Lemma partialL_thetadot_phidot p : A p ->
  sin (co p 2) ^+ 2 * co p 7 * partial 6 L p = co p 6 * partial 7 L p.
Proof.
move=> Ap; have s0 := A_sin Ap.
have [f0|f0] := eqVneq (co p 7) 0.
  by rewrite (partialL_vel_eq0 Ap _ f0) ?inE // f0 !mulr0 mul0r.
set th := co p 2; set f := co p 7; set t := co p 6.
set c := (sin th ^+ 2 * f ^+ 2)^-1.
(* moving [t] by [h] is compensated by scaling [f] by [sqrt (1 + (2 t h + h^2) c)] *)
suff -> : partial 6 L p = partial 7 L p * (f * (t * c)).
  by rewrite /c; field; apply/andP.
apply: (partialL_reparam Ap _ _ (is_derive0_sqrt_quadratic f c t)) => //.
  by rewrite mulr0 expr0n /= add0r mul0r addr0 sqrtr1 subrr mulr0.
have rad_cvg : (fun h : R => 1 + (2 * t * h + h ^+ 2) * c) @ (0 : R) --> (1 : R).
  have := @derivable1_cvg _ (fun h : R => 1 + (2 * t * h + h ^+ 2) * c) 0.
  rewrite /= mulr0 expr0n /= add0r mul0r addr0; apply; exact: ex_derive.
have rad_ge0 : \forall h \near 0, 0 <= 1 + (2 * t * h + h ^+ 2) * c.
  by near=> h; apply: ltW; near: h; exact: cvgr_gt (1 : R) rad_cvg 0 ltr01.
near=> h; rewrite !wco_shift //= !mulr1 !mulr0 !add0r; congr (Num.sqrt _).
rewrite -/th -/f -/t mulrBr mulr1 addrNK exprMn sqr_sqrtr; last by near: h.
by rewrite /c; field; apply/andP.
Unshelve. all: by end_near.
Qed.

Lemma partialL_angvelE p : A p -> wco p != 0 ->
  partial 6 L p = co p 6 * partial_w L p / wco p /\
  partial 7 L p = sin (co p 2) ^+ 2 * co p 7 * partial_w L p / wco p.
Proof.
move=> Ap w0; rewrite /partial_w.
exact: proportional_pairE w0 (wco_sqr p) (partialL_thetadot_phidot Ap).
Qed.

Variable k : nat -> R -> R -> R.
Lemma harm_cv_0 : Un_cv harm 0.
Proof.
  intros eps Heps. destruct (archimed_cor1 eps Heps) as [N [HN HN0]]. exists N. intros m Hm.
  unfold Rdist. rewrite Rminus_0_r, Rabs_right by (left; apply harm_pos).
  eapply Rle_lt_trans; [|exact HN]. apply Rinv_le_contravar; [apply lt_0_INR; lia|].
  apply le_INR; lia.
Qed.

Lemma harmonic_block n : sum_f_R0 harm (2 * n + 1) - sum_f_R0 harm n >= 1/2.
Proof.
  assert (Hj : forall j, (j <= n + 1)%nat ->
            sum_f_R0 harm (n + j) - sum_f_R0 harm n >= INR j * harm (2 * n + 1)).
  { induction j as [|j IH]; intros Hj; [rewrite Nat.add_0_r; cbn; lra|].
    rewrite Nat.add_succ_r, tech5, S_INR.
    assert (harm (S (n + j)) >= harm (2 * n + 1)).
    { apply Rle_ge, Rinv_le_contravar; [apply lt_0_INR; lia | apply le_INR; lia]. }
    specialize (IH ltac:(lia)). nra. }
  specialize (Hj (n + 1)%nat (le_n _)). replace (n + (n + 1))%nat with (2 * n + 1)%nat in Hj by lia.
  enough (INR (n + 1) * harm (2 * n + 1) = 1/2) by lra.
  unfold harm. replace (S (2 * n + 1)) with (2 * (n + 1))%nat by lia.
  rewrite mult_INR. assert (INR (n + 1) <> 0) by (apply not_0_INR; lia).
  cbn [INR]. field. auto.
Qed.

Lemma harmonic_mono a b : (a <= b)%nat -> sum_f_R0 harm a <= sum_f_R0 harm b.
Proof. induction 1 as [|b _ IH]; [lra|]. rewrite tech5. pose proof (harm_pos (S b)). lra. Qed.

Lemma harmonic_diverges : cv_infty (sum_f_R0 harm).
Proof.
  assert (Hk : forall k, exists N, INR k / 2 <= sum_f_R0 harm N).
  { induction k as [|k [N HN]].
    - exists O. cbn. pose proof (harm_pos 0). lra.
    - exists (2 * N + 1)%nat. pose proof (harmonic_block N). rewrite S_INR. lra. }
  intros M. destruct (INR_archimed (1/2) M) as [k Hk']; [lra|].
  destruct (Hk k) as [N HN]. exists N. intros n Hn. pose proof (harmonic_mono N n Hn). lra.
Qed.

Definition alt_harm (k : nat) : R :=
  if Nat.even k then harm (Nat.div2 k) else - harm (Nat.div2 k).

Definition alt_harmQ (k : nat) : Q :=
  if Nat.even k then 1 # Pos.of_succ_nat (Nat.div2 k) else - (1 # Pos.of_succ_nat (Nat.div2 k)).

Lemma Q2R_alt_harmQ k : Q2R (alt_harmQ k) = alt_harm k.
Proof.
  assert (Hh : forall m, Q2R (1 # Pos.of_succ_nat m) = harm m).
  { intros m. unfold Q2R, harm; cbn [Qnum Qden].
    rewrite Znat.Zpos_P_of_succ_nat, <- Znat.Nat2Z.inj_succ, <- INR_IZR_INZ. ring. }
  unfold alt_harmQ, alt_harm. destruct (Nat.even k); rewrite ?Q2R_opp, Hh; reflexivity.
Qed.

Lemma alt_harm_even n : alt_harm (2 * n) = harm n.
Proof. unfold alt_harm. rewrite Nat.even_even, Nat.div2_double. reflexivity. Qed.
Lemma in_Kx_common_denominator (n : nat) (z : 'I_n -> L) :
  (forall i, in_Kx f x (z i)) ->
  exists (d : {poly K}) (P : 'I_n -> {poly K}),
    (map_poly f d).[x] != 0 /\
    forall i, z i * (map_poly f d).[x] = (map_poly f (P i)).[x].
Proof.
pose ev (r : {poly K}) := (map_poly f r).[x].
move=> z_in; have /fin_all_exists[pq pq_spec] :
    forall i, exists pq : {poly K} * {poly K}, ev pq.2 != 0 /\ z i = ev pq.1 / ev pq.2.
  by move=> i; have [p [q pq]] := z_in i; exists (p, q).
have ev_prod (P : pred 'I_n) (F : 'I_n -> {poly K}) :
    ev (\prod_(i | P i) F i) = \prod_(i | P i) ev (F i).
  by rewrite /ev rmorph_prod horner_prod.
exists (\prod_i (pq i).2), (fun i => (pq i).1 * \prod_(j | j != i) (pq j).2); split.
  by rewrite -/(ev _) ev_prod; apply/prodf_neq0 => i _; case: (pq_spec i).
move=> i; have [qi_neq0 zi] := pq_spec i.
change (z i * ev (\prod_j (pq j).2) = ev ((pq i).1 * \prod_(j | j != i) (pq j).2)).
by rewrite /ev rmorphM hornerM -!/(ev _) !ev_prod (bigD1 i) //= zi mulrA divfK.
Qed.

##############################

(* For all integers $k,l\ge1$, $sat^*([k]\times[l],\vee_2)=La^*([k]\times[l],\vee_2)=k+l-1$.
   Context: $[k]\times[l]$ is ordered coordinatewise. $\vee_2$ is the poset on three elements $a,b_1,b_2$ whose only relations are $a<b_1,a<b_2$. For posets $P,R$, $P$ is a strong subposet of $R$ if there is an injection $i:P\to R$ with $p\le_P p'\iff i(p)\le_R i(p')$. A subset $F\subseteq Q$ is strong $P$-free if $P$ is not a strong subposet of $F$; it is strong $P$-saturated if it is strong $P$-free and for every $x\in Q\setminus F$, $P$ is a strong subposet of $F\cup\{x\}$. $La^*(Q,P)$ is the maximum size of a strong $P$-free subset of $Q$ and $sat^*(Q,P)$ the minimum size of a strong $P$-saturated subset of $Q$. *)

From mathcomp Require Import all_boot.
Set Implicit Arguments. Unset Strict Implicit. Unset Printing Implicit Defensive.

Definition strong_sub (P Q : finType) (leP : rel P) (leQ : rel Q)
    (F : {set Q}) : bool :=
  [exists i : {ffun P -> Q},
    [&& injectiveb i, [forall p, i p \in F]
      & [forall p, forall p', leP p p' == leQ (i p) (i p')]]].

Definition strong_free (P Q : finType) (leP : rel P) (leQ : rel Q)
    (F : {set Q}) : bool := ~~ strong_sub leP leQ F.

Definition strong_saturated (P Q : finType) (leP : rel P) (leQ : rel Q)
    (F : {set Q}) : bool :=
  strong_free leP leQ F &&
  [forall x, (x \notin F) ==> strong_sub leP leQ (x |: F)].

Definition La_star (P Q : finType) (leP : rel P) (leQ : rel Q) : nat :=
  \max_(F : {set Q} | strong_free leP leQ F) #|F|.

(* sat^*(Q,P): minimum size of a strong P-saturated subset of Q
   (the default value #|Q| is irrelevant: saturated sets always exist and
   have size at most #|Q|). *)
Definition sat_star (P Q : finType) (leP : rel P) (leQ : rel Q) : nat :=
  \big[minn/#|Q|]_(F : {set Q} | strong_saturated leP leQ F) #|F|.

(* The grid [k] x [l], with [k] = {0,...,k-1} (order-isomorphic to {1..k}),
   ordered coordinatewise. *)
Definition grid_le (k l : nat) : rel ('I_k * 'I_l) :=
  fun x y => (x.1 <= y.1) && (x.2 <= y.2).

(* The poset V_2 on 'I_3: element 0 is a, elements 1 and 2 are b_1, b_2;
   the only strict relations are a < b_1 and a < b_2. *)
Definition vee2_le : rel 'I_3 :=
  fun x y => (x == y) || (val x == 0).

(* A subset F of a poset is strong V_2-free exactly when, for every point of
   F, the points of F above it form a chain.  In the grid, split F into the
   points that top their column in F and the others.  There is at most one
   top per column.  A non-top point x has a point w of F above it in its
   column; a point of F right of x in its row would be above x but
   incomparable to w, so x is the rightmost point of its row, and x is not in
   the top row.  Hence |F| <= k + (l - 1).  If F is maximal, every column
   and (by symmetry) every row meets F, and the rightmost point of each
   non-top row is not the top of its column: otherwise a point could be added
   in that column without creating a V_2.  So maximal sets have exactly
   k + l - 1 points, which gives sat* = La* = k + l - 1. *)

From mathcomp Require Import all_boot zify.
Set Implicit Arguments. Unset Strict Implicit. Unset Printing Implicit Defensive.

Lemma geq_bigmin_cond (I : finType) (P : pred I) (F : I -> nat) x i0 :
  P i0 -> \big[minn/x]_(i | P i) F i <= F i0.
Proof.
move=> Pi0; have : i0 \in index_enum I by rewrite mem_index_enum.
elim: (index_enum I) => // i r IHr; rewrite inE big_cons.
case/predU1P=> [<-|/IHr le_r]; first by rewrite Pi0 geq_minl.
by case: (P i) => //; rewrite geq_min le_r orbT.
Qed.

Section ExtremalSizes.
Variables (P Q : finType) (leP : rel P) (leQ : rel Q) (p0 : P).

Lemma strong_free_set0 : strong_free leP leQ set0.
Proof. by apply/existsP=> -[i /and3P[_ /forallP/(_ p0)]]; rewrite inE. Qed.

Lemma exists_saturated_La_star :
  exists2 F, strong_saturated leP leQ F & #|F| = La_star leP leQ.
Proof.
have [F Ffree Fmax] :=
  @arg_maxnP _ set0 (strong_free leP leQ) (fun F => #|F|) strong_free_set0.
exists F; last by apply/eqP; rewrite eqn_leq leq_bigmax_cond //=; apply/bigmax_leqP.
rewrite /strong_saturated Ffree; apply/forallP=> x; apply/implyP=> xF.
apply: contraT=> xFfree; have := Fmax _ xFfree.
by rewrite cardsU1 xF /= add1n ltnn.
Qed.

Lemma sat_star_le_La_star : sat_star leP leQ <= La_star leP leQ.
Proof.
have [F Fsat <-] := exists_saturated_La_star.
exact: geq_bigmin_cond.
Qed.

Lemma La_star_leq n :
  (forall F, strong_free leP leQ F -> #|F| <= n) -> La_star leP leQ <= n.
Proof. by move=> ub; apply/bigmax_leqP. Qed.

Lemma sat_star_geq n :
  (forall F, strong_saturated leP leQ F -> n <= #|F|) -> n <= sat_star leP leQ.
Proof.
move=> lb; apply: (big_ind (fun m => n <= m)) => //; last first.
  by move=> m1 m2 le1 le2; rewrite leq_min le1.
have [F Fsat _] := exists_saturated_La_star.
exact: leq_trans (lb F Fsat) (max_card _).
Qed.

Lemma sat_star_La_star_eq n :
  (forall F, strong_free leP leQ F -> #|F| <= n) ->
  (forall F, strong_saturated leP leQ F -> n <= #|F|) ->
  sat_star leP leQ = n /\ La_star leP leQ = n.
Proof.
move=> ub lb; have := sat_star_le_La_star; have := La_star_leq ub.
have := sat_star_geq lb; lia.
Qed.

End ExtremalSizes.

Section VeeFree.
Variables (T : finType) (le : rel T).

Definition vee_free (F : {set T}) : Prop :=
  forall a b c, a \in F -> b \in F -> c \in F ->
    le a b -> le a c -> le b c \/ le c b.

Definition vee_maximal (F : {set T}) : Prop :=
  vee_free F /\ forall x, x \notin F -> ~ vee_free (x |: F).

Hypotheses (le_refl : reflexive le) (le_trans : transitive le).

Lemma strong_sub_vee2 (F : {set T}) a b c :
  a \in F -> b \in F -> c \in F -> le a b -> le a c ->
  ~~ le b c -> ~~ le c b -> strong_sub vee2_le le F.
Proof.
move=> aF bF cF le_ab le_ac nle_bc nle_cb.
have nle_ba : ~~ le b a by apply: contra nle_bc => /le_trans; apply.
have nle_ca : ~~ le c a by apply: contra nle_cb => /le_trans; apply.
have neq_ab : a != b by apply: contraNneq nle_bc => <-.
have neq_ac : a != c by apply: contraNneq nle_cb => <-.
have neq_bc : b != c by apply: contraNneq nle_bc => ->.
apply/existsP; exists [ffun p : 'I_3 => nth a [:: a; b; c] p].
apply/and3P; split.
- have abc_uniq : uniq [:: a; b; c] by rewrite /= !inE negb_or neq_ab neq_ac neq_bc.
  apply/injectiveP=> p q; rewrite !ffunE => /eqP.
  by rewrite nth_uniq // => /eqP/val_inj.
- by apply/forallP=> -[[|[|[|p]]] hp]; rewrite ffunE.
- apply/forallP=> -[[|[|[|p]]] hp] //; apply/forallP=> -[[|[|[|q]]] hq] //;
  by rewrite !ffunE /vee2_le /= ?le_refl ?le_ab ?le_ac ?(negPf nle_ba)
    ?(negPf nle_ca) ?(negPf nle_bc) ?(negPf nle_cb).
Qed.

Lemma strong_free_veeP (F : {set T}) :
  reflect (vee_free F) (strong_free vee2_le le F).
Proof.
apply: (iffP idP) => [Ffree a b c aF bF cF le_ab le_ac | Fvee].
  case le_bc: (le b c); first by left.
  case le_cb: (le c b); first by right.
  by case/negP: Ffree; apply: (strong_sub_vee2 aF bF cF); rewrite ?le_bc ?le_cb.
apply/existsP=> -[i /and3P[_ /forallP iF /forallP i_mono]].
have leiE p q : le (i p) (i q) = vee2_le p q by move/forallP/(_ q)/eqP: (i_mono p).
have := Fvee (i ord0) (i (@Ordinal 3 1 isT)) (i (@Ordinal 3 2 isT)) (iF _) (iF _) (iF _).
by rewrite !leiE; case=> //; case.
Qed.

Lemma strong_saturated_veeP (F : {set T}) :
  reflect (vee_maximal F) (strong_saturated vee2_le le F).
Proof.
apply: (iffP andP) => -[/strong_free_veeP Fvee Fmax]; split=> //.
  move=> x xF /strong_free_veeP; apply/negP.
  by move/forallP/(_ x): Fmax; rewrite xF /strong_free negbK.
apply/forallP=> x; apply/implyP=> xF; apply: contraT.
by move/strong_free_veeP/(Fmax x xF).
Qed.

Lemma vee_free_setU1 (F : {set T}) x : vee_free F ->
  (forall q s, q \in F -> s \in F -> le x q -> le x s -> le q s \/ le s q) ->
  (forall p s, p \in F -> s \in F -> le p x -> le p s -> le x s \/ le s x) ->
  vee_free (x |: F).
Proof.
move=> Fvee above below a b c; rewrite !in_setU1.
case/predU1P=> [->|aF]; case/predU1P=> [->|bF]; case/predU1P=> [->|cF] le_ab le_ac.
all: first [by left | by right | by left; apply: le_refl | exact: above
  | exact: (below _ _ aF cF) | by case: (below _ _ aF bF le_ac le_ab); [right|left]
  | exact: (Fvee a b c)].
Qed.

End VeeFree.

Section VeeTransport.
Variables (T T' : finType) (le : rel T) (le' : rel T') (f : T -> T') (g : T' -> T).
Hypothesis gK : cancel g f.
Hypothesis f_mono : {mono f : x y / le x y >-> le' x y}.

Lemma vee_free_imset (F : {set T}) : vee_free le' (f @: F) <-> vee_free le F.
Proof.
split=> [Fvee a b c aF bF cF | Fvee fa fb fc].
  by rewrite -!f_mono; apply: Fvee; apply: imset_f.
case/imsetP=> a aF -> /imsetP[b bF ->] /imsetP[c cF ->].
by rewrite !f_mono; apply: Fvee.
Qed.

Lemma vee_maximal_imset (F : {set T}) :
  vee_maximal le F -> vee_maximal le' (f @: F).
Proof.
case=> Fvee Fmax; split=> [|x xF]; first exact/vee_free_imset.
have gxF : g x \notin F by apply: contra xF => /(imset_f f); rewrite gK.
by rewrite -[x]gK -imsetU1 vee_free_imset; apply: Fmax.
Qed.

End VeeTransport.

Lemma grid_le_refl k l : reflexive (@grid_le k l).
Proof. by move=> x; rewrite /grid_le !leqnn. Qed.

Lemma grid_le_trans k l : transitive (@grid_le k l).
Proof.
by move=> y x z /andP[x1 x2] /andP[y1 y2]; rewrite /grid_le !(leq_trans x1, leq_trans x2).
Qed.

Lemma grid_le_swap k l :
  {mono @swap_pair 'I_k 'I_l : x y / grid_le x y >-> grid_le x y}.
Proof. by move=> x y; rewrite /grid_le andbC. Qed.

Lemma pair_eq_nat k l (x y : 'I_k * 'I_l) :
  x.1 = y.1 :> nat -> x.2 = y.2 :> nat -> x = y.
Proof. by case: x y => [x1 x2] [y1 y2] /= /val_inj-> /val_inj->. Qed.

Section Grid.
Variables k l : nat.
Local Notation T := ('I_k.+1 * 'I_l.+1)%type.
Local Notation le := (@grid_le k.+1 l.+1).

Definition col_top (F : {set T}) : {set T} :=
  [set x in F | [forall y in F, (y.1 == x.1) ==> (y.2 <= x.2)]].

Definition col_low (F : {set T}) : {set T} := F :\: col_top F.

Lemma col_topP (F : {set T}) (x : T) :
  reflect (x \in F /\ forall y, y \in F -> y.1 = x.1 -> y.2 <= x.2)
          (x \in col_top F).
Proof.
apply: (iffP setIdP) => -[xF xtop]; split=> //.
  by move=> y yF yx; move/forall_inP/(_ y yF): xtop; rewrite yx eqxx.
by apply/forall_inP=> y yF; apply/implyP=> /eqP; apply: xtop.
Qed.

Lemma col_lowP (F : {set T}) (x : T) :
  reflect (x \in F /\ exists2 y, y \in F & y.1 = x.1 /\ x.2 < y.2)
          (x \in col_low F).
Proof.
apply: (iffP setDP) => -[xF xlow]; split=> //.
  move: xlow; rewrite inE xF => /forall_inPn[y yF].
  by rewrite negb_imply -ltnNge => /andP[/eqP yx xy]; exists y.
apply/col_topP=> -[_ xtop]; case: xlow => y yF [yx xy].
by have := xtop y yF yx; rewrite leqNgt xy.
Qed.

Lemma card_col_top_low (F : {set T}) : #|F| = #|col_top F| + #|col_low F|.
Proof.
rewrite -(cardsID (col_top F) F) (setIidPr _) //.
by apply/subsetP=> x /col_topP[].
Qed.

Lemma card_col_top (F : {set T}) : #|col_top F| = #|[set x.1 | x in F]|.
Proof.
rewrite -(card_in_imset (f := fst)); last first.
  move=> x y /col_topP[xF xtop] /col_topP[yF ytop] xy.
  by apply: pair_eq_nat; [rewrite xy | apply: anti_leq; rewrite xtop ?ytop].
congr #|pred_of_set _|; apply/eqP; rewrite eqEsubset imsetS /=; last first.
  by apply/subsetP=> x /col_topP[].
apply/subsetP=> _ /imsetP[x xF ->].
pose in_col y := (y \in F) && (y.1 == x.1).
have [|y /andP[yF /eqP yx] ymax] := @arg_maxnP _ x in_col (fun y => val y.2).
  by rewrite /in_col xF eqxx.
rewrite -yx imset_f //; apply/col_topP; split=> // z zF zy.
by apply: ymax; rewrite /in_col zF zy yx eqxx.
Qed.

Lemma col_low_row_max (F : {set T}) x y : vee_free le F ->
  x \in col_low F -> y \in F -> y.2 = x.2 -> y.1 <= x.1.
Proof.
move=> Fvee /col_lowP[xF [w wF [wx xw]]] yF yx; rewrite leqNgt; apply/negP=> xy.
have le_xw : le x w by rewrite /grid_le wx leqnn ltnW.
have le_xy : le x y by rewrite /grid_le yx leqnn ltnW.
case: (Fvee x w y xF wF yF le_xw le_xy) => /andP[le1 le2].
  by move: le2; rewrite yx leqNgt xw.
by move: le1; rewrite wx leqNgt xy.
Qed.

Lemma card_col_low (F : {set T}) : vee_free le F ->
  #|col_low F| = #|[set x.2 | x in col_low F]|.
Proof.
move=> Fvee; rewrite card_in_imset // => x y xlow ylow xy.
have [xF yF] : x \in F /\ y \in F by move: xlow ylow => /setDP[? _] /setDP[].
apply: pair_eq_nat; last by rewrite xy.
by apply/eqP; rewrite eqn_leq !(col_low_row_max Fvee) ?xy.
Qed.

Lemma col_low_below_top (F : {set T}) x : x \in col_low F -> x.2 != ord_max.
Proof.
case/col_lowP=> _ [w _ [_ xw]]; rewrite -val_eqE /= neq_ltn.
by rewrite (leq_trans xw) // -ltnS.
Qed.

##############################

WHAT TO DO:
Using the listing above, copy exactly the line that contains "reflect (vee_free F)", the line that contains "Hypothesis gK : cancel g f.", and each line that falls between them.

ANSWER FOR THE TASK:
  reflect (vee_free F) (strong_free vee2_le le F).
Proof.
apply: (iffP idP) => [Ffree a b c aF bF cF le_ab le_ac | Fvee].
  case le_bc: (le b c); first by left.
  case le_cb: (le c b); first by right.
  by case/negP: Ffree; apply: (strong_sub_vee2 aF bF cF); rewrite ?le_bc ?le_cb.
apply/existsP=> -[i /and3P[_ /forallP iF /forallP i_mono]].
have leiE p q : le (i p) (i q) = vee2_le p q by move/forallP/(_ q)/eqP: (i_mono p).
have := Fvee (i ord0) (i (@Ordinal 3 1 isT)) (i (@Ordinal 3 2 isT)) (iF _) (iF _) (iF _).
by rewrite !leiE; case=> //; case.
Qed.

Lemma strong_saturated_veeP (F : {set T}) :
  reflect (vee_maximal F) (strong_saturated vee2_le le F).
Proof.
apply: (iffP andP) => -[/strong_free_veeP Fvee Fmax]; split=> //.
  move=> x xF /strong_free_veeP; apply/negP.
  by move/forallP/(_ x): Fmax; rewrite xF /strong_free negbK.
apply/forallP=> x; apply/implyP=> xF; apply: contraT.
by move/strong_free_veeP/(Fmax x xF).
Qed.

Lemma vee_free_setU1 (F : {set T}) x : vee_free F ->
  (forall q s, q \in F -> s \in F -> le x q -> le x s -> le q s \/ le s q) ->
  (forall p s, p \in F -> s \in F -> le p x -> le p s -> le x s \/ le s x) ->
  vee_free (x |: F).
Proof.
move=> Fvee above below a b c; rewrite !in_setU1.
case/predU1P=> [->|aF]; case/predU1P=> [->|bF]; case/predU1P=> [->|cF] le_ab le_ac.
all: first [by left | by right | by left; apply: le_refl | exact: above
  | exact: (below _ _ aF cF) | by case: (below _ _ aF bF le_ac le_ab); [right|left]
  | exact: (Fvee a b c)].
Qed.

End VeeFree.

Section VeeTransport.
Variables (T T' : finType) (le : rel T) (le' : rel T') (f : T -> T') (g : T' -> T).
Hypothesis gK : cancel g f.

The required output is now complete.